Cuando hablamos del hic sunt dracones de Le Guin, no solo lo hacemos en un plano físico o cartográfico, sino también mental y emocional. Y eso no es otra cosa que plasmar la realidad, algo que, como ella misma explica en sus epílogos, es indisoluble de los relatos de fantasía: “para mí la fantasía no es un castillo de viento, sino una posibilidad de reflexionar y de reflejar la realidad”. Porque, ¿cuántas veces al día nos sentimos como Tenar? Incapaces de dar pasos atrevidos, de arrojarnos con todo nuestro ser a algo que no sabemos cómo acabará. A algo que nos da miedo y que nos atenaza.
Y eso es lo que diferencia la literatura de Le Guin de otras novelas de fantasía: su obsesión por la psicología de los personajes.
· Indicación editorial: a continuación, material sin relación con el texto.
Lemma wsin_odd r : wsin (2 * r + 1) = 2 / ((2 * INR r + 1) * central r).
Proof.
  induction r as [|r IH]; [simpl; rewrite wsin_1, central_0; field|].
  assert (H := wsin_rec (2 * r + 1)).
  replace (2 * r + 1 + 2)%nat with (2 * S r + 1)%nat in H by lia.
  rewrite IH, plus_INR, mult_INR in H. simpl INR in H. rewrite central_S, S_INR.
  assert (0 <= INR r) by apply pos_INR. assert (0 < central r) by apply central_pos.
  rewrite (solve_linear _ _ _ H) by lra. field. repeat split; lra.
Qed.

(** After the substitution [t = cos θ] the kernel becomes [Kbar (cos θ)]
    = [(cos θ + 1)(PI - θ) / (4 PI)] on [0, PI]. *)
Definition theta_kernel (t : R) : R := / (4 * PI) * (cos t + 1) * (PI - t).

(** Moments [moment m = ∫_0^PI theta_kernel θ cos^m θ sin θ dθ], in closed form
    through Wallis integrals (see [moment_is]). *)
Definition moment (m : nat) : R :=
  / (4 * PI) * (PI * (/ (INR m + 2) + / (INR m + 1))
                - wcos (S (S m)) / (INR m + 2) - wcos (S m) / (INR m + 1)).

(* Integration by parts against the primitive [-(cos^(m+2)/(m+2) + cos^(m+1)/(m+1))]. *)
Lemma moment_is m : is_RInt (fun t => theta_kernel t * cos t ^ m * sin t) 0 PI (moment m).
Proof.
  assert (Ha : INR m + 2 <> 0) by (generalize (pos_INR m); lra).
  assert (Hb : INR m + 1 <> 0) by (generalize (pos_INR m); lra).
  set (G := fun t => / (INR m + 2) * cos t ^ (S (S m)) + / (INR m + 1) * cos t ^ (S m)).
  set (F := fun t => - (PI - t) * G t).
  set (dF := fun t => G t + (PI - t) * (cos t ^ (S m) + cos t ^ m) * sin t).
  assert (I1 : is_RInt dF 0 PI (PI * (/ (INR m + 2) + / (INR m + 1)))).
  { apply (is_RInt_eq_val _ _ _ (F PI - F 0)).
    - apply is_RInt_ftc; intros x; unfold F, dF, G.
      + auto_derive; auto. fold_INR_S. rewrite !S_INR. repeat rewrite <- tech_pow_Rmult. field. auto.
      + continuity_by_derive.
    - unfold F, G. rewrite cos_0, !pow1. ring. }
  assert (I2 : is_RInt G 0 PI (/ (INR m + 2) * wcos (S (S m)) + / (INR m + 1) * wcos (S m)))
    by (apply is_RInt_lin; apply wcos_is).
  assert (I3 := is_RInt_scal_R _ _ _ (/ (4 * PI)) _ (is_RInt_lin _ _ _ _ _ _ 1 (-1) I1 I2)).
  eapply is_RInt_eq_val.
  - eapply is_RInt_ext_all; [|exact I3].
    intros x. unfold dF, theta_kernel. cbv beta. repeat rewrite <- tech_pow_Rmult. ring.
  - unfold moment, Rdiv. ring.
Qed.

Lemma moment_even r :
  moment (2 * r) = / 2 * (/ (2 * (2 * INR r + 1)) + / (2 * (2 * INR r + 2)) * (1 - central (S r))).
Proof.
  unfold moment. replace (S (S (2 * r))) with (2 * S r)%nat by lia.
  replace (S (2 * r)) with (2 * r + 1)%nat by lia.
  rewrite wcos_even, wcos_odd, mult_INR. simpl (INR 2).
  assert (0 <= INR r) by apply pos_INR. assert (PI > 0) by apply PI_RGT_0.
  field. repeat split; lra.
Qed.

Lemma moment_odd r :
  moment (2 * r + 1) = / 2 * (/ (2 * (2 * INR r + 3)) + / (2 * (2 * INR r + 2)) * (1 - central (S r))).
Proof.
  unfold moment. replace (S (S (2 * r + 1))) with (2 * S r + 1)%nat by lia.
  replace (S (2 * r + 1)) with (2 * S r)%nat by lia.
  rewrite wcos_even, wcos_odd, plus_INR, mult_INR. simpl (INR 2). simpl (INR 1).
  assert (0 <= INR r) by apply pos_INR. assert (PI > 0) by apply PI_RGT_0.
  field. repeat split; lra.
Qed.

(** Continuity of [acos] on [-1, 1]: Stdlib only provides it in the interior.
    At [1]: [acos] is decreasing and [acos (cos e) = e], so [acos x < e]
    as soon as [cos e < x]. *)
Lemma acos_continuous_at_1 : continuity_pt acos 1.
Proof.
  intros eps Heps.
  set (e := Rmin eps (PI / 2)).
  assert (He : 0 < e) by (unfold e; apply Rmin_glb_lt; [lra | generalize PI_RGT_0; lra]).
  assert (He2 : e <= PI / 2) by apply Rmin_r.
  assert (He3 : e <= eps) by apply Rmin_l.
  assert (Hc : cos e < 1) by (rewrite <- cos_0; apply cos_decreasing_1; generalize PI_RGT_0; lra).
  assert (Hc0 : 0 <= cos e) by (apply cos_ge_0; generalize PI_RGT_0; lra).
  exists (1 - cos e). split; [lra|].
  intros x [_ Hx]. simpl in *. unfold Rdist in *. rewrite acos_1, Rminus_0_r.
  assert (Hb := acos_bound x). rewrite Rabs_pos_eq by lra.
  destruct (Rle_dec 1 x) as [H1|H1].
  - unfold acos. destruct (Rle_dec x (-1)); [lra|]. destruct (Rle_dec 1 x); lra.
  - assert (Hx1 : cos e < x) by (apply Rabs_def2 in Hx; lra).
    destruct (Rlt_or_le (acos x) e) as [Hl|Hl]; [lra|]. exfalso.
    assert (Hle : cos (acos x) <= cos e).
    { destruct (Req_dec (acos x) e) as [Heq|Hne]; [rewrite Heq; lra|].
      left. apply cos_decreasing_1; generalize PI_RGT_0; lra. }
    rewrite cos_acos in Hle by lra. lra.
Qed.

(* At [-1], by the symmetry [acos (-x) = PI - acos x]. *)
Lemma acos_continuous_at_m1 : continuity_pt acos (-1).
Proof.
  apply (continuity_pt_ext (fun x => PI - acos (- x))); [intros x; rewrite acos_opp; ring|].
  apply (continuity_pt_minus (fun _ => PI) (fun x => acos (- x))).
  - apply continuity_pt_const. intros a b; auto.
  - apply (continuity_pt_comp (fun x => - x) acos).
    + apply (continuity_pt_opp id), continuity_pt_id.
    + replace (- -1) with 1 by ring. apply acos_continuous_at_1.
Qed.

Lemma acos_continuous x : -1 <= x <= 1 -> continuity_pt acos x.
Proof.
  intros H. destruct (Req_dec x 1) as [->|H1]; [apply acos_continuous_at_1|].
  destruct (Req_dec x (-1)) as [->|H2]; [apply acos_continuous_at_m1|].
  apply derivable_continuous_pt, derivable_pt_acos. lra.
Qed.

Lemma Kbar_continuous x : -1 <= x <= 1 -> continuity_pt Kbar x.
Proof.
  intros H. unfold Kbar. apply continuity_pt_mult.
  - apply continuity_pt_mult; [apply continuity_pt_const; intros a b; auto|].
    apply (continuity_pt_plus id (fun _ => 1));
      [apply continuity_pt_id | apply continuity_pt_const; intros a b; auto].
  - apply (continuity_pt_minus (fun _ => PI) acos);
      [apply continuity_pt_const; intros a b; auto | apply acos_continuous; auto].
Qed.

Lemma cos_substitution (P : R -> R) (v : R) :
  (forall x, continuity_pt P x) ->
  is_RInt (fun t => theta_kernel t * P (cos t) * sin t) 0 PI v ->
  is_RInt (fun t => Kbar t * P t) (-1) 1 v.
Proof.
  intros HP Hv. set (f := fun t => Kbar t * P t).
  assert (Hf : forall x, -1 <= x <= 1 -> continuous f x).
  { intros x Hx. apply continuity_pt_filterlim, continuity_pt_mult; [apply Kbar_continuous; auto | apply HP]. }
  assert (Hpi : Rmin 0 PI = 0 /\ Rmax 0 PI = PI)
    by (generalize PI_RGT_0; split; [apply Rmin_left | apply Rmax_right]; lra).
  assert (Hcomp : is_RInt (fun y => scal (- sin y) (f (cos y))) 0 PI (RInt f 1 (-1))).
  { rewrite <- cos_0, <- cos_PI. apply (is_RInt_comp (V := R_CompleteNormedModule)).
    - intros x _. apply Hf. split; apply COS_bound.
    - intros x _. split; [auto_derive; auto; ring | continuity_by_derive]. }
  assert (Hneg : is_RInt (fun y => scal (- sin y) (f (cos y))) 0 PI (- v)).
  { apply (is_RInt_ext (fun y => - (theta_kernel y * P (cos y) * sin y))).
    - destruct Hpi as [-> ->]. intros x Hx. unfold f, Kbar, theta_kernel.
      rewrite acos_cos by lra. unfold scal; simpl; unfold mult; simpl. ring.
    - exact (is_RInt_opp _ _ _ _ Hv). }
  assert (Hex : ex_RInt f (-1) 1).
  { apply (ex_RInt_continuous (V := R_CompleteNormedModule)). intros z Hz. apply Hf.
    rewrite Rmin_left, Rmax_right in Hz by lra. exact Hz. }
  apply (is_RInt_eq_val _ _ _ _ _ (RInt_correct _ _ _ Hex)).
  rewrite <- (opp_RInt_swap f 1 (-1)) by (apply ex_RInt_swap; exact Hex).
  rewrite (is_RInt_same _ _ _ _ _ Hcomp Hneg). unfold opp; simpl. ring.
Qed.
En sus libros, la magia, el conflicto y los seres mitológicos pasan a un segundo plano. Lo que le interesa realmente a la autora es ponernos frente al espejo y conseguir que nos veamos reflejados en sus personajes. Por eso, ninguno de ellos es un modelo de comportamiento perfecto, ni siquiera Gavilán, quien llega a sucumbir ante la sed de poder durante su juventud.
Pese a todo esto, Terramar acaba resultando un lugar luminoso: sus personajes evolucionan, superan esos miedos y son capaces de conquistar las tierras de dragones. Quieren decirnos que no pasa nada por soltar amarras y dejar navegar nuestra barca vital en mar abierto. Habrá sufrimiento. Habrá dolor. Habrá lágrimas. Dejaremos muchas cosas atrás. Acabaremos con cicatrices que nunca se curarán del todo. Pero derrotaremos a los dragones.